図20.2 円柱の後流に発生するKarman渦列(流体力学ハンドブック、丸善、1998)

 流体力学は、液体と気体とを含め、その運動と応力を解析する力学です。解析の結果を表すときは、流線の集合で図に描く可視化の技法を使います。流体をややマクロに見て粒子の動きでモデル化するとき、粒子が整然と列をなすように定常的に流れる状態を層流と言います。動きがランダムになっているのが乱流です。乱流全体を、粒子の運動でモデル化して追いかけるような理論式を提案して解析することは、古典的な流体力学ではあきらめていました。
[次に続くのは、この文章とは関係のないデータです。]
Lemma open_translate g h (U : set G) : open U -> open [set mul (mul g u) h | u in U].
Proof.
move=> oU; rewrite translate_preimage; apply: open_comp => // x _.
by apply: (continuous_comp (f := mul (inv g)) (g := mul^~ (inv h)));
  [exact: continuous_mull | exact: continuous_mulr].
Qed.

Lemma preimage_mull_translate a g h (U : set G) :
  mul (inv a) @^-1` [set mul (mul g u) h | u in U] =
  [set mul (mul (mul a g) u) h | u in U].
Proof.
apply/seteqP; split => [x [u Uu ex]|x [u Uu <-]] /=; exists u => //.
  by rewrite -[x](mulVKg a) -ex !mulgA.
by rewrite !mulgA mulVg mul1g.
Qed.

Lemma image_mull a (S : set G) : mul a @` S = mul (inv a) @^-1` S.
Proof.
apply/seteqP; split => [_ [x Sx <-]|x Sx] /=; first by rewrite mulKg.
by exists (mul (inv a) x) => //; rewrite mulVKg.
Qed.

Lemma closed_image_mull a (S : set G) : closed S -> closed (mul a @` S).
Proof. by rewrite image_mull; exact: closed_preimage_mull. Qed.

Lemma compact_image_mull a (S : set G) : compact S -> compact (mul a @` S).
Proof. by apply: continuous_compact; apply: continuous_subspaceT; exact: continuous_mull. Qed.

Lemma left_translates_cover (e : nat -> G) (W : set G) :
  dense (range e) -> open W -> W one -> forall y, exists n, W (mul (inv (e n)) y).
Proof.
move=> de oW W1 y.
have oO : open [set z | W (mul (inv z) y)].
  apply: open_comp => // z _; apply: (continuous_comp (f := inv) (g := mul^~ y)).
    by case: HG => _ _ _ _; apply.
  exact: continuous_mulr.
have [z [Wz [n _ en]]] : [set z | W (mul (inv z) y)] `&` range e !=set0.
  by apply: (de _ _ oO); exists y; rewrite /= mulVg.
by exists n; rewrite en.
Qed.

Lemma probability_left_translate_gt0 (R : realType) (mu : probability (borel G) R)
    (e : nat -> G) (W : set G) :
  dense (range e) -> open W -> W one -> exists n, (0 < mu (mul (inv (e n)) @^-1` W))%E.
Proof.
move=> de oW W1; apply: probability_cover_gt0 => [n|].
  by apply: measurable_open; exact: open_preimage_mull.
apply/seteqP; split => // y _; have [n Wn] := left_translates_cover de oW W1 y.
by exists n.
Qed.

Lemma witnesses_openly_haar_null_dominated (R : realType) (A : set G)
    (mu P : probability (borel G) R) (a : G) (c : R) : 0 < c ->
  (forall X : set G, open X -> (P X <= c%:E * mu (mul (inv a) @^-1` X))%E) ->
  witnesses_openly_haar_null mul mu A -> witnesses_openly_haar_null mul P A.
Proof.
move=> c0 Pmu muA eps eps0.
have [U [oU AU muU]] := muA (eps / c) (divr_gt0 eps0 c0).
exists U; split => // g h.
rewrite (le_lt_trans (Pmu _ (open_translate _ _ oU))) // preimage_mull_translate.
by rewrite -(@lte_pdivlMl _ c) // -EFinM mulrC muU.
Qed.

End topological_group.

Lemma dense_seq_of_separable (G : ptopologicalType) :
  separable_space G -> exists e : nat -> G, dense (range e).
Proof.
move=> [D [/pcard_surjP [e De] Dd]]; exists e => O O0 oO.
have [x [Ox Dx]] := Dd O O0 oO.
by have [n _ enx] := De x Dx; exists x; split => //; exists n.
Qed.

Lemma ultra_bigcup_ord T (F : set_system T) (S : nat -> set T) n :
  UltraFilter F -> F (\bigcup_(i < n) S i) -> exists i, F (S i).
Proof.
move=> UF; have PF := ultra_proper (F := F).
elim: n => [|n IHn]; first by rewrite bigcup_mkord big_ord0 => /filter_ex [].
rewrite bigcup_mkord big_ord_recr /= -bigcup_mkord => FSn.
have [FS|FSC] := in_ultra_setVsetC (S n) UF; first by exists n.
by apply: IHn; apply: filterS (filterI FSn FSC) => x [[]].
Qed.

(* A named constant, so that [lra] treats it as an atom. *)
Definition radius {R : realType} (k : nat) : R := k.+1%:R^-1.

Lemma radius_gt0 (R : realType) k : 0 < radius k :> R.
Proof. by rewrite invr_gt0 ltr0n. Qed.

Lemma radius_le (R : realType) m n : (m <= n)%N -> radius n <= radius m :> R.
Proof. by move=> mn; rewrite lef_pV2 ?posrE ?ltr0n // ler_nat ltnS. Qed.

Lemma radius_lt (R : realType) (eps : R) : 0 < eps -> exists k, radius k < eps.
Proof. by move=> eps0; have [k] := ltr_add_invr eps0; rewrite add0r; exists k. Qed.

Section complete_metric.
Variables (R : realType) (G : ptopologicalType) (d : G -> G -> R).
Hypothesis Hd : complete_compatible_metric d.

Definition dball x r := [set y | d x y < r].
Definition dcball x r := [set y | d x y <= r].

Let d_refl x : d x x = 0.
Proof. by case: Hd => eq0 _ _ _ _; apply/eq0. Qed.
Let d_sym x y : d x y = d y x.
Proof. by case: Hd. Qed.
Let d_triangle x y z : d x z <= d x y + d y z.
Proof. by case: Hd. Qed.
Let d_openP (U : set G) : open U <->
  (forall x, U x -> exists2 r : R, 0 < r & dball x r `<=` U).
Proof. by case: Hd. Qed.

Lemma open_dball x r : open (dball x r).
Proof.
apply/d_openP => y; rewrite /dball /= => dxy.
exists (r - d x y); first by rewrite subr_gt0.
by move=> z /= dyz; have := d_triangle x y z; lra.
Qed.

Lemma dball_center x r : 0 < r -> dball x r x.
Proof. by rewrite /dball /= d_refl. Qed.

Lemma nbhs_dball x r : 0 < r -> nbhs x (dball x r).
Proof. by move=> r0; apply: open_nbhs_nbhs; split; [exact: open_dball | exact: dball_center]. Qed.

Lemma nbhs_dballP x W : nbhs x W -> exists2 r : R, 0 < r & dball x r `<=` W.
Proof.
rewrite nbhsE => -[B [oB Bx] BW].
by have [r r0 rB] := proj1 (d_openP B) oB x Bx; exists r => // y /rB /BW.
Qed.

Lemma closed_dcball x r : closed (dcball x r).
Proof.
rewrite -[dcball x r]setCK; apply: open_closedC; apply/d_openP => y /= ryx.
rewrite /dcball /= in ryx.
have {ryx} rxy : r < d x y by rewrite ltNge; apply/negP.
exists (d x y - r); first by rewrite subr_gt0.
move=> z; rewrite /dball /dcball /= => dyz; apply/negP; rewrite -ltNge.
by have := d_triangle x z y; rewrite (d_sym z y); lra.
Qed.

Lemma cvg_of_dist_le_radius (c : nat -> G) :
  (forall j k, d (c j) (c k) <= radius j + radius k) -> exists x : G, c @ \oo --> x.
Proof.
move=> dc; case: Hd => _ _ _ _; apply => eps eps0.
have [M Meps] : exists M, radius M < eps / 2 by apply: radius_lt; lra.
exists M => j k /(radius_le R) Mj /(radius_le R) Mk.
by have := dc j k; lra.
Qed.

Lemma compact_bigcap_dcball (e : nat -> G) (N : nat -> nat) :
  compact (\bigcap_k \bigcup_(i < N k) dcball (e i) (radius k)).
Proof.
(* K is closed and totally bounded: an ultrafilter containing K contains balls
   of every radius [radius k], and their centres form a Cauchy sequence. *)
set K := \bigcap_k _.
have Kcl : closed K.
  apply: closed_bigI => k _; rewrite bigcup_mkord.
  by apply: closed_bigsetU => i _; exact: closed_dcball.
rewrite compact_ultra => F UF FK; have PF := ultra_proper (F := F).
have near_center k : exists i, F (dcball (e i) (radius k)).
  by apply: (ultra_bigcup_ord UF); apply: filterS FK => y; exact.
have [ik Fik] := choice near_center.
pose c k := e (ik k).
have [x cx] : exists x : G, c @ \oo --> x.
  apply: cvg_of_dist_le_radius => j k.
  have [y [cjy cky]] := filter_ex (filterI (Fik j) (Fik k)).
  by have := d_triangle (c j) y (c k); rewrite /dcball /= (d_sym y) in cjy cky *; lra.
have Fx : F --> x.
  move=> W /nbhs_dballP [r r0 rW].
  have r20 : 0 < r / 2 by lra.
  have [k1 k1r] := radius_lt r20.
  have [k2 _ k2x] := cx _ (nbhs_dball x r20).
  pose k := maxn k1 k2.
  have kr : radius k <= radius k1 :> R by apply: radius_le; exact: leq_maxl.
  have := k2x k (leq_maxr k1 k2); rewrite /dball /= => dxck.
  apply: filterS (Fik k) => y cky; apply: rW.
  by have := d_triangle x (c k) y; rewrite /dball /dcball /= in cky *; lra.
exists x; split => //; apply: Kcl => B FB.
by have [y [Ky By]] := filter_ex (filterI FK (Fx _ FB)); exists y.
Qed.

Section tightness.
Variables (e : nat -> G) (mu : probability (borel G) R).
Hypothesis e_dense : dense (range e).

Let cover (r : R) (n : nat) := \bigcup_(i < n) dcball (e i) r.

Let closed_cover r n : closed (cover r n).
Proof. by rewrite /cover bigcup_mkord; apply: closed_bigsetU => i _; exact: closed_dcball. Qed.

Let measurable_coverC r n : measurable (~` cover r n : set (borel G)).
Proof. by apply: measurableC; apply: measurable_closed. Qed.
乱流は、渦のような動きがありますので、ズレが起こり、流線が壊れる流れになります。連続体としての理論式は、渦の個所で特異点になります。層流の中に円柱のような障害物を置くと、その後流に、向きが交互に変わる渦が周期的に発生することが知られています(図20.2)。これを解析したTheodore von Karman(1881-1963)に因んでカルマン渦列と言います。カルマンは、この渦の性質を統計力学の手法で解析し、渦列の間隔hと渦間隔lに一定の比率h/l=0.281があることを導いたのです(図20.3)。コンピュータを駆使して数値化解析で流線を描くことができるようになって、カルマン渦を動画で再現することができるようになりました。計算幾何学との接点がないように見えますが、流体について、円弧スベリの集合のような現象として紹介しました。